§ **Stored dataset items**

(* Every language in SNP can be described by a primitive canonical formula. Moreover, if the original canonical formula is monotone, or monadic, or without inequality, then the primitive formula can be chosen to satisfy the same restrictions.
   Context: Structures are finite relational structures of a fixed finite signature $\Delta$; a language is a class of such structures closed under isomorphism. A language $L$ is in SNP if it is the class of structures $\mathbf A$ satisfying a canonical formula \[\exists \Pi\ \forall \overline{x}\ \bigwedge_i \neg\big(\alpha_i\wedge\beta_i\wedge\varepsilon_i\big),\] where $\Pi$ is a finite set of existentially quantified relation symbols (''proof relations'') on the universe of $\mathbf A$, $\overline x$ is a tuple of first-order variables, each $\alpha_i$ is a conjunction of atoms or negated atoms $R(\overline x)$, $\neg R(\overline x)$ with $R\in\Delta$ (input relations), each $\beta_i$ is a conjunction of atoms or negated atoms $P(\overline x)$, $\neg P(\overline x)$ with $P\in\Pi$, and each $\varepsilon_i$ is a conjunction of inequalities $x\neq y$ between variables. The formula is monotone if no $\alpha_i$ contains a negated atom; monadic if all $P\in\Pi$ are unary; without inequality if no $\varepsilon_i$ occurs. The formula is primitive if for every clause $\alpha_i\wedge\beta_i\wedge\varepsilon_i$, every existential relation $P\in\Pi$ of arity $r$ and all variables $x_1,\dots,x_r$ occurring in that clause, either the atom $P(x_1,\dots,x_r)$ or its negation is a conjunct of the clause. *)

From mathcomp Require Import all_boot.
From Stdlib Require List.
Set Implicit Arguments. Unset Strict Implicit. Unset Printing Implicit Defensive.

Inductive lit (S : Type) (ar : S -> nat) (V : Type) : Type :=
  Lit (pos : bool) (R : S) (args : (ar R).-tuple V).
Arguments Lit {S ar V} pos R args.

Definition lit_pos (S : Type) (ar : S -> nat) (V : Type) (l : lit ar V) : bool := let: Lit b _ _ := l in b.
Definition lit_vars (S : Type) (ar : S -> nat) (V : Type) (l : lit ar V) : seq V := let: Lit _ _ t := l in val t.

Definition lit_holds S (ar : S -> nat) V (A : Type)
  (I : forall R : S, pred ((ar R).-tuple A)) (s : V -> A) (l : lit ar V) : bool :=
  let: Lit b R t := l in I R (map_tuple s t) == b.

Section Formulas.
Variables (D : finType) (arD : D -> nat).

Record structure := Structure {
  univ : finType;
  interp : forall R : D, pred ((arD R).-tuple univ) }.

(* a language: a class of structures (isomorphism closure is automatic for
   languages described by a formula) *)
Definition language := structure -> Prop.

Record clause (V : Type) (P : Type) (arP : P -> nat) := Clause {
  alpha : seq (lit arD V);
  beta  : seq (lit arP V);
  eps   : seq (V * V) }.

Definition clause_vars (V P : Type) (arP : P -> nat) (c : clause V arP) : seq V :=
  flatten (map (@lit_vars _ _ _) (alpha c)) ++
  flatten (map (@lit_vars _ _ _) (beta c)) ++
  flatten [seq [:: e.1; e.2] | e <- eps c].

(* canonical formula  exists Pi forall x_1..x_nvar  /\_i ~(alpha_i /\ beta_i /\ eps_i)
   with Pi = {P_0, ..., P_(npi-1)} of arities arP *)
Record formula := Formula {
  nvar : nat;
  npi : nat;
  arP : 'I_npi -> nat;
  clauses : seq (clause 'I_nvar arP) }.

Definition clause_holds (A : structure) (V P : Type) (arP : P -> nat)
  (IP : forall p : P, pred ((arP p).-tuple (univ A))) (s : V -> univ A)
  (c : clause V arP) : bool :=
  [&& all (lit_holds (@interp A) s) (alpha c),
      all (lit_holds IP s) (beta c) &
      all (fun e => s e.1 != s e.2) (eps c)].

Definition models (F : formula) (A : structure) : Prop :=
  exists IP : forall p : 'I_(npi F), pred ((arP p).-tuple (univ A)),
    forall s : 'I_(nvar F) -> univ A,
      all (fun c => ~~ clause_holds IP s c) (clauses F).

Definition describes (F : formula) (L : language) : Prop :=
  forall A : structure, L A <-> models F A.

Definition in_SNP (L : language) : Prop := exists F, describes F L.

Definition monotone (F : formula) : Prop :=
  all (fun c => all (@lit_pos _ _ _) (alpha c)) (clauses F).

Definition monadic (F : formula) : Prop := forall p : 'I_(npi F), arP p = 1.

Definition without_inequality (F : formula) : Prop :=
  all (fun c => nilp (eps c)) (clauses F).

Definition primitive (F : formula) : Prop :=
  forall c, List.In c (clauses F) ->
  forall (p : 'I_(npi F)) (t : (arP p).-tuple 'I_(nvar F)),
    (forall i, tnth t i \in clause_vars c) ->
    exists b : bool, List.In (Lit b p t) (beta c).

End Formulas.

From mathcomp Require Import all_boot.
From Stdlib Require List.

Set Implicit Arguments. Unset Strict Implicit. Unset Printing Implicit Defensive.

(* Replace every clause c by all its completions: for each truth assignment f
   to the proof atoms P(x_1, ..., x_r) over the variables, the clause c_f adds
   the literal P(x_1, ..., x_r) with sign f to c.  Every c_f implies c, and
   under fixed proof relations and variable assignment, c holds exactly when
   the completion whose signs are read off these proof relations holds.  So
   the new formula has the same models, is primitive by construction, and
   keeps the input literals, inequalities and proof relations of the old one. *)

Lemma all_flatten (T : Type) (a : pred T) (ss : seq (seq T)) :
  all a (flatten ss) = all (all a) ss.
Proof. by elim: ss => [|s ss IH] //=; rewrite all_cat IH. Qed.

Lemma In_flatten_map (A B : Type) (g : A -> seq B) (s : seq A) (x : B) :
  List.In x (flatten (map g s)) -> exists2 y, List.In y s & List.In x (g y).
Proof.
elim: s => [|a s IH] //= xgas.
case: (List.in_app_or _ _ _ xgas) => [xga|/IH [y ys xgy]]; first by exists a; [left|].
by exists y; [right|].
Qed.

Lemma mem_In (T : eqType) (x : T) (s : seq T) : x \in s -> List.In x s.
Proof. by elim: s => [|a s IH] //=; rewrite inE => /predU1P [->|/IH]; [left|right]. Qed.

Section Completion.

Variables (D : finType) (arD : D -> nat).
Variables (V P : finType) (arP : P -> nat).

Definition proof_atom : finType :=
  Finite.clone {p : P & (arP p).-tuple V} _.

Definition atom_lit (f : {ffun proof_atom -> bool}) (a : proof_atom) :
  lit arP V := Lit (f a) (tag a) (tagged a).

Definition complete_clause (c : clause arD V arP) (f : {ffun proof_atom -> bool}) :
  clause arD V arP :=
  Clause (alpha c) (beta c ++ map (atom_lit f) (enum proof_atom)) (eps c).

Definition completions (c : clause arD V arP) : seq (clause arD V arP) :=
  map (complete_clause c) (enum {ffun proof_atom -> bool}).

Lemma In_beta_complete_clause c (f : {ffun proof_atom -> bool}) (p : P) (t : (arP p).-tuple V) :
  List.In (Lit (f (Tagged _ t)) p t) (beta (complete_clause c f)).
Proof.
apply/List.in_or_app; right.
apply: (List.in_map (atom_lit f) _ (Tagged _ t)).
exact/mem_In/mem_enum.
Qed.

Lemma In_completions c c' :
  List.In c' (completions c) -> exists f, c' = complete_clause c f.
Proof. by case/List.in_map_iff => f [<- _]; exists f. Qed.

Variables (A : structure arD) (IP : forall p : P, pred ((arP p).-tuple (univ A))).
Variable s : V -> univ A.

Definition atom_signs : {ffun proof_atom -> bool} :=
  [ffun a => @IP (tag a) (map_tuple s (tagged a))].

Lemma clause_holds_complete c f :
  clause_holds IP s (complete_clause c f) -> clause_holds IP s c.
Proof.
rewrite /clause_holds /= all_cat.
by case/and3P => -> /andP [-> _] ->.
Qed.

Lemma clause_holds_complete_signs c :
  clause_holds IP s c -> clause_holds IP s (complete_clause c atom_signs).
Proof.
rewrite /clause_holds /= all_cat => /and3P [-> -> ->] /=.
by rewrite andbT all_map; apply/allP => a _; rewrite /= ffunE eqxx.
Qed.

Lemma has_clause_holds_completions c :
  has (clause_holds IP s) (completions c) = clause_holds IP s c.
Proof.
rewrite has_map; apply/hasP/idP => [[f _ /clause_holds_complete //]|cs].
by exists atom_signs; [rewrite mem_enum | exact: clause_holds_complete_signs].
Qed.

End Completion.

Definition completion (D : finType) (arD : D -> nat) (F : formula arD) :
  formula arD :=
  Formula (flatten (map (@completions D arD _ _ (@arP _ _ F)) (clauses F))).

Section CompletionProperties.

Variables (D : finType) (arD : D -> nat) (F : formula arD).

Lemma models_completion (A : structure arD) :
  models (completion F) A <-> models F A.
Proof.
suff no_clause_holds (IP : forall p, pred ((arP p).-tuple (univ A)))
    (s : 'I_(nvar F) -> univ A) :
  all (fun c => ~~ clause_holds IP s c) (clauses (completion F)) =
  all (fun c => ~~ clause_holds IP s c) (clauses F).
  by split=> -[IP H]; exists IP => s; move: (H s); rewrite no_clause_holds.
rewrite /completion /= all_flatten all_map; apply: eq_all => c /=.
by rewrite all_predC has_clause_holds_completions.
Qed.

Lemma completion_primitive : primitive (completion F).
Proof.
move=> c' c'F; have [c _ /In_completions [f ->]] := In_flatten_map c'F.
by move=> p t _; eexists; apply: In_beta_complete_clause.
Qed.

Lemma completion_monotone : monotone F -> monotone (completion F).
Proof.
rewrite /monotone /completion /= all_flatten all_map; apply: sub_all => c alpha_pos /=.
by rewrite all_map; apply/allP => f _.
Qed.

Lemma completion_without_inequality :
  without_inequality F -> without_inequality (completion F).
Proof.
rewrite /without_inequality /completion /= all_flatten all_map; apply: sub_all => c no_eps /=.
by rewrite all_map; apply/allP => f _.
Qed.

End CompletionProperties.

Theorem lemma4 (D : finType) (arD : D -> nat) (L : language arD)
  (F : formula arD) :
  describes F L ->
  exists G : formula arD,
    [/\ primitive G, describes G L,
        monotone F -> monotone G,
        monadic F -> monadic G &
        without_inequality F -> without_inequality G].
Proof.
move=> FL; exists (completion F); split.
- exact: completion_primitive.
- by move=> A; rewrite FL models_completion.
- exact: completion_monotone.
- by [].
- exact: completion_without_inequality.
Qed.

§ **What you should do**
From the data above, copy each line that holds "case".

§ **Solution for this problem**
case: (List.in_app_or _ _ _ xgas) => [xga|/IH [y ys xgy]]; first by exists a; [left|].
Proof. by case/List.in_map_iff => f [<- _]; exists f. Qed.
by case/and3P => -> /andP [-> _] ->.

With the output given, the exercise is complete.